Литмир - Электронная Библиотека
A
A

Войдя в вестибюль через одну из вертящихся дверей, Кларенс не без гордости назвал лифтеру номер своего этажа: «Четвертый!» (Большинство пассажиров ехало до десятого, где располагалось управление универмага.) Всё-таки приятно сознавать, что ты пишешь статьи, а не занимаешься продажей пуговиц, например.

Однако по мере того, как лифт отщелкивал этажи, чувство превосходства исчезало, и по длинному коридору Кларенс прошагал торопливой походкой делового и вполне скромного служащего. Он толкнул дверь в свой отдел — большую комнату с десятком столов, телефонов, пишущих машинок и настольных ламп.

Часы показывали без пяти минут десять, рабочий день еще не начался, но в репортерской уже стоял плотный, ни на секунду не прерывающийся шум. Постороннему человеку могло показаться, что здесь совершенно невозможно сосредоточиться, но репортеры привыкли к этому шуму и научились не замечать его.

Кларенс снял пиджак, повесил его на спинку стула и вытащил из стола статью о цветоводстве, которую ему нужно было править. Но в этот момент в грохоте машинок и гуле голосов появилась новая нота, настойчивая и раздражающая.

Если бы по середине комнаты стоял диктофон, он записал бы примерно следующее:

«Еще двадцать строчек.

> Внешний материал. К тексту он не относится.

(* Let $A$ be a real square matrix such that $A^n>0$ (all entries strictly positive) for some $n>0$. Let $\lambda$ be its Perron–Frobenius eigenvalue, and let $r>0$ satisfy $\lambda>r>|\mu|$ for every eigenvalue $\mu\neq\lambda$ of $A$. Let $v\in NonN(A)$ with $v\notin\ker(A-\lambda I)$. Then there exist $C>0$ and $N$ such that for every $n>N$ and every vector $w$ with $A^n w=v$ we have $\|w\|_1>C/r^n$.
   Context: For a square matrix $A$ acting on $\mathbb{F}^d$ ($\mathbb{F}=\mathbb{R}$ or $\mathbb{C}$), the non-nilpotent subspace $NonN(A)$ is the direct sum of the generalized eigenspaces of $A$ belonging to nonzero eigenvalues (equivalently, the eventual range $\bigcap_{n} A^n(\mathbb{F}^d)$). The Perron–Frobenius eigenvalue of a matrix with $A^n>0$ for some $n$ is its simple, real, positive eigenvalue of largest modulus. *)

From HB Require Import structures.
From mathcomp Require Import all_boot all_order all_algebra.
From mathcomp Require Import reals.
From mathcomp Require Import complex.
Set Implicit Arguments. Unset Strict Implicit. Unset Printing Implicit Defensive.
Import Order.TTheory GRing.Theory Num.Theory.
Local Open Scope ring_scope.
Local Open Scope complex_scope.

Section Defs.
Variable R : realType.

Definition cplx_mx (d : nat) (A : 'M[R]_d) : 'M[R[i]]_d :=
  map_mx (fun x : R => x%:C) A.

Definition ceigenvalue (d : nat) (A : 'M[R]_d) (mu : R[i]) : bool :=
  eigenvalue (cplx_mx A) mu.

Definition pos_mx (d : nat) (B : 'M[R]_d) : Prop := forall i j, 0 < B i j.

Definition PF_eigenvalue (d : nat) (A : 'M[R]_d) (lam : R) : Prop :=
  [/\ 0 < lam,
      eigenvalue A lam,
      mup lam (char_poly A) = 1%N
    & forall mu : R[i], ceigenvalue A mu -> `|mu| <= lam%:C].

Definition NonN (d : nat) (A : 'M[R]_d) (v : 'cV[R]_d) : Prop :=
  forall n : nat, exists u : 'cV[R]_d, A ^+ n *m u = v.

Definition norm1 (d : nat) (w : 'cV[R]_d) : R := \sum_i `|w i 0|.
End Defs.

From HB Require Import structures.
From mathcomp Require Import all_boot all_order all_algebra.
From mathcomp Require Import reals complex.
From mathcomp Require Import ring lra.
Set Implicit Arguments. Unset Strict Implicit. Unset Printing Implicit Defensive.
Import Order.TTheory GRing.Theory Num.Theory.
Local Open Scope ring_scope.
Local Open Scope complex_scope.

(* Since lam is a simple root, char_poly A = s * X^k * (X - lam) with s(lam) != 0.
   A Bezout identity for s and X^k (X - lam) gives a polynomial q with s(A) q(A) = 0
   and q(A) = 1 on ker s(A).  As v = A^k v0, y := (A - lam) v lies in ker s(A), so
   y = X v with X := q(A) (A - lam).  The roots of s have modulus < r, hence the
   entries of A^n X are O(r^n), and y = A^n X w forces |y|_1 <= c r^n |w|_1. *)

Section GeometricBound.
Variables (F : numFieldType) (n m : nat) (B : 'M[F]_n) (r : F).
Hypothesis r_gt0 : 0 < r.

Definition geometric_bounded (X : 'M[F]_(n, m)) :=
  exists2 K, 0 <= K & forall k i j, `|(B ^+ k *m X) i j| <= K * r ^+ k.

(* With [B^(k+1) X = mu B^k X + B^k (B - mu) X], the constant
   [sum |X i j| + K / (r - |mu|)] works by induction on [k]. *)
Lemma geometric_bounded_XsubC (X : 'M[F]_(n, m)) (mu : F) :
  `|mu| < r -> geometric_bounded ((B - mu%:M) *m X) -> geometric_bounded X.
Proof.
move=> mu_lt [K K0 HK]; set e := r - `|mu|.
have e_gt0 : 0 < e by rewrite subr_gt0.
set S := \sum_i \sum_j `|X i j|.
have S0 : 0 <= S by apply: sumr_ge0 => i _; apply: sumr_ge0.
have Ke0 : 0 <= K / e by rewrite divr_ge0 // ltW.
exists (S + K / e) => [|k i j]; first exact: addr_ge0.
elim: k i j => [|k IHk] i j.
  rewrite expr0 mulr1 mul1mx ler_wpDr // /S (bigD1 i) //= (bigD1 j) //=.
  by rewrite -addrA ler_wpDr // addr_ge0 ?sumr_ge0 // => l _; apply: sumr_ge0.
have -> : B ^+ k.+1 *m X = mu *: (B ^+ k *m X) + B ^+ k *m ((B - mu%:M) *m X).
  by rewrite mulmxBl mulmxBr mul_scalar_mx -scalemxAr addrC subrK exprSr mulmxA.
rewrite mxE [X in `|X + _|]mxE.
apply: le_trans (ler_normD _ _) _; rewrite normrM.
apply: le_trans (lerD (ler_wpM2l (normr_ge0 mu) (IHk i j)) (HK k i j)) _.
have -> : `|mu| = r - e by rewrite opprB addrC subrK.
rewrite -subr_ge0 exprS.
have -> : (S + K / e) * (r * r ^+ k) - ((r - e) * ((S + K / e) * r ^+ k) + K * r ^+ k)
    = e * S * r ^+ k by field; exact: lt0r_neq0.
by rewrite !mulr_ge0 ?exprn_ge0 // ltW.
Qed.

End GeometricBound.

Lemma geometric_bounded_prod_XsubC (F : numFieldType) n m (B : 'M[F]_n.+1)
    (X : 'M[F]_(n.+1, m)) (rs : seq F) (r : F) :
  0 < r -> (forall mu, mu \in rs -> `|mu| < r) ->
  horner_mx B (\prod_(mu <- rs) ('X - mu%:P)) *m X = 0 ->
  geometric_bounded B r X.
Proof.
move=> r_gt0; elim: rs X => [|mu rs IH] X rs_lt.
  rewrite big_nil rmorph1 mul1mx => ->.
  by exists 0 => // k i j; rewrite mulmx0 mxE normr0 mul0r.
rewrite big_cons rmorphM /= (comm_horner_mx2 B ('X - mu%:P)) -mulmxA.
rewrite rmorphB /= horner_mx_X horner_mx_C => hX.
apply: (@geometric_bounded_XsubC _ _ _ _ _ r_gt0 _ mu).
  by apply: rs_lt; rewrite mem_head.
by apply: IH hX => nu nu_rs; apply: rs_lt; rewrite inE nu_rs orbT.
Qed.

Lemma normr_real_complex (R : rcfType) (x : R) : `|x%:C| = `|x|%:C.
Proof. by rewrite normc_def /= expr0n addr0 sqrtr_sqr. Qed.

Lemma geometric_bounded_real (R : rcfType) n m (B : 'M[R]_n.+1)
    (X : 'M[R]_(n.+1, m)) (s : {poly R}) (r : R) :
  0 < r -> s \is monic ->
  (forall mu : R[i], root (map_poly (real_complex R) s) mu -> `|mu| < r%:C) ->
  horner_mx B s *m X = 0 -> geometric_bounded B r X.
Proof.
move=> r_gt0 s_monic s_roots sX0; pose f := real_complex R.
have [rs /= Es] := closed_field_poly_normal (map_poly f s).
rewrite lead_coef_map (monicP s_monic) rmorph1 scale1r in Es.
have [K K0 HK] : geometric_bounded (map_mx f B) r%:C (map_mx f X).
  apply: (@geometric_bounded_prod_XsubC _ _ _ _ _ rs).
  - by rewrite ltcR.
  - by move=> mu mu_rs; apply: s_roots; rewrite Es root_prod_XsubC.
  - by rewrite -Es -map_horner_mx -map_mxM sX0 map_mx0.
have EK : K = (complex.Re K)%:C by rewrite RRe_real // ger0_real.
exists (complex.Re K) => [|k i j]; first by rewrite -ler0c -EK.
move: (HK k i j); rewrite -rmorphXn -map_mxM mxE normr_real_complex EK.
by rewrite -rmorphXn -rmorphM lecR.
Qed.

Lemma mup1_factor (F : fieldType) (p : {poly F}) (a : F) :
  p \is monic -> mup a p = 1%N ->
  exists s k, [/\ s \is monic, ~~ root s a,
    coprimep s ('X ^+ k * ('X - a%:P)) & p = s * ('X ^+ k * ('X - a%:P))].
Proof.
move=> p_monic p_mup.
have [m [q q_a Ep]] := multiplicity_XsubC p a; rewrite monic_neq0 //= in q_a.
have m1 : m = 1%N by move: p_mup; rewrite Ep mupMr // mup_XsubCX eqxx.
rewrite m1 expr1 in Ep.
have [k [s s_0 Eq]] := multiplicity_XsubC q 0.
have q_neq0 : q != 0 by apply: contraNneq q_a => ->; rewrite root0.
rewrite q_neq0 subr0 /= in s_0 Eq.
have s_a : ~~ root s a by apply: contra q_a; rewrite Eq rootM => ->.
exists s, k; split => //.
- by move: p_monic; rewrite Ep Eq -mulrA monicMr // monicMl ?monicXsubC ?monicXn.
- by rewrite coprimepMr coprimep_XsubC s_a andbT coprimep_expr // coprimepX.
- by rewrite Ep Eq mulrA.
Qed.

Lemma coprimep_horner_mx_projector (F : fieldType) n (B : 'M[F]_n.+1)
    (s g : {poly F}) :
  coprimep s g -> horner_mx B (s * g) = 0 ->
  exists q : {poly F}, horner_mx B (s * q) = 0 /\
    forall m (x : 'M_(n.+1, m)), horner_mx B s *m x = 0 -> horner_mx B q *m x = x.
Proof.
move=> /Bezout_eq1_coprimepP[[u1 u2] /= Bezout] sg0.
exists (u2 * g); split; first by rewrite mulrCA rmorphM /= sg0 mulr0.
move=> m x sx0; rewrite -{2}[x]mul1mx -(horner_mx_C B) polyC1 -Bezout.
by rewrite rmorphD /= mulmxDl [horner_mx B (u1 * s)]rmorphM /= -mulmxA sx0 mulmx0 add0r.
Qed.

Section Norm1.
Variable R : realType.

Lemma norm1_gt0 d (w : 'cV[R]_d) : w != 0 -> 0 < norm1 w.
Proof.
move=> w_neq0; rewrite lt_def sumr_ge0 ?andbT //; apply: contra w_neq0.
move=> /eqP/psumr_eq0P w0; apply/eqP/matrixP => i j.
by rewrite ord1 mxE; apply/normr0_eq0/w0.
Qed.

Lemma norm1_mulmx_le e d (M : 'M[R]_(e, d)) (w : 'cV[R]_d) (c : R) :
  (forall i j, `|M i j| <= c) -> norm1 (M *m w) <= e%:R * c * norm1 w.
Proof.
move=> M_le; apply: (@le_trans _ _ (\sum_(i < e) c * norm1 w)).
  apply: ler_sum => i _; rewrite mxE /norm1 mulr_sumr.
  apply: le_trans (ler_norm_sum _ _ _) _; apply: ler_sum => j _.
  by rewrite normrM ler_wpM2r.
by rewrite sumr_const card_ord mulr_natl mulrnAl.
Qed.

Lemma norm1_preimage_gt d (A X : 'M[R]_d) (v : 'cV[R]_d) (r : R) :
  0 < r -> comm_mx A X -> X *m v != 0 -> geometric_bounded A r X ->
  exists2 C, 0 < C & forall n w, A ^+ n *m w = v -> C / r ^+ n < norm1 w.
Proof.
move=> r_gt0 AX Xv_neq0 [K K0 HK]; have y_gt0 := norm1_gt0 Xv_neq0.
exists (norm1 (X *m v) / (d%:R * K + 1)) => [|n w Ew].
  by rewrite divr_gt0 // ltr_wpDl // mulr_ge0.
have Ey : X *m v = (A ^+ n *m X) *m w.
  by rewrite -Ew mulmxA; congr (_ *m _); rewrite !mulmxE; exact/commrX/commr_sym.
have := norm1_mulmx_le w (HK n); rewrite -Ey => y_le.
have rn_gt0 : 0 < r ^+ n by rewrite exprn_gt0.
have w_ge0 : 0 <= norm1 w by apply: sumr_ge0.
have dK_ge0 : 0 <= d%:R * K by rewrite mulr_ge0.
rewrite ltr_pdivrMr // ltr_pdivrMr ?ltr_wpDl //.
rewrite (_ : d%:R * (K * r ^+ n) * norm1 w = d%:R * K * (norm1 w * r ^+ n)) in y_le;
  last by ring.
nra.
Qed.

End Norm1.

Lemma ceigenvalue_factor_root (R : realType) d (A : 'M[R]_d) (s g : {poly R})
    (mu : R[i]) :
  char_poly A = s * g -> root (map_poly (real_complex R) s) mu -> ceigenvalue A mu.
Proof.
move=> Ep s_mu; rewrite /ceigenvalue eigenvalue_root_char.
by rewrite -map_char_poly Ep rmorphM rootM /= s_mu.
Qed.

Theorem fact2p1 (R : realType) (d : nat) (A : 'M[R]_d)
  (hprim : exists n : nat, (0 < n)%N /\ pos_mx (A ^+ n))
  (lam : R) (hPF : PF_eigenvalue A lam)
  (r : R) (hr0 : 0 < r) (hlr : r < lam)
  (hr : forall mu : R[i], ceigenvalue A mu -> mu != lam%:C -> `|mu| < r%:C)
  (v : 'cV[R]_d) (hv : NonN A v) (hvker : (A - lam%:M) *m v != 0) :
  exists C : R, 0 < C /\ exists N : nat, forall n : nat, (N < n)%N ->
    forall w : 'cV[R]_d, A ^+ n *m w = v -> C / r ^+ n < norm1 w.
Proof.
case: d A v hPF hr hv hvker {hprim} => [|d] A v [_ _ lam_mup _] hr hv hvker.
  by rewrite (flatmx0 v) mulmx0 eqxx in hvker.
have [s [k [s_monic s_lam s_cop Ep]]] := mup1_factor (char_poly_monic A) lam_mup.
have CH : horner_mx A (s * ('X ^+ k * ('X - lam%:P))) = 0.
  by rewrite -Ep Cayley_Hamilton.
have [q [sq0 q_proj]] := coprimep_horner_mx_projector s_cop CH.
have A_lam : horner_mx A ('X - lam%:P) = A - lam%:M.
  by rewrite rmorphB /= horner_mx_X horner_mx_C.
have s_y : horner_mx A s *m ((A - lam%:M) *m v) = 0.
  have [v0 <-] := hv k.
  have A_k : horner_mx A 'X^k = A ^+ k by rewrite rmorphXn /= horner_mx_X.
  rewrite -A_lam -A_k !mulmxA !mulmxE -!rmorphM mulrAC -mulrA -Ep.
  by rewrite /= Cayley_Hamilton mul0mx.
have s_roots mu : root (map_poly (real_complex R) s) mu -> `|mu| < r%:C.
  move=> s_mu; apply: hr; first exact: ceigenvalue_factor_root Ep s_mu.
  by apply: contraNneq s_lam => mu_lam; move: s_mu; rewrite mu_lam fmorph_root.
pose X := horner_mx A (q * ('X - lam%:P)).
have Xv : X *m v != 0 by rewrite /X rmorphM /= A_lam -mulmxA q_proj.
have sX : horner_mx A s *m X = 0.
  by rewrite /X mulmxE -rmorphM mulrA rmorphM /= sq0 mul0r.
have [C C_gt0 HC] := norm1_preimage_gt hr0 (comm_mx_horner _ (erefl _)) Xv
  (geometric_bounded_real hr0 s_monic s_roots sX).
by exists C; split => //; exists 0%N => n _; apply: HC.
Qed.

Судья разрешил внести залог… еще не завтракал… Вчера Рода вызвали… Жаркая схватка произошла перед помещением… Бракосочетание состоялось в. вызвали к главному редактору… Выходившая из трамвая женщина… Стачечники упорно не поддавались… В крайнем случае пять строк… Зачем вызвали Рода… и отстаивали каждую пядь земли… Дирижер джаз-оркестра… Вам не кажется странным… перенести на пятнадцатую страницу… Рода вызвали к главному… недалеко от фруктового магазина… всегда казалось, что Род… одним ударом повалит… Зачем Рода… Род здесь не так уж давно… Я вам говорю, мне всегда казалось… Сыщик сфотографировал и…»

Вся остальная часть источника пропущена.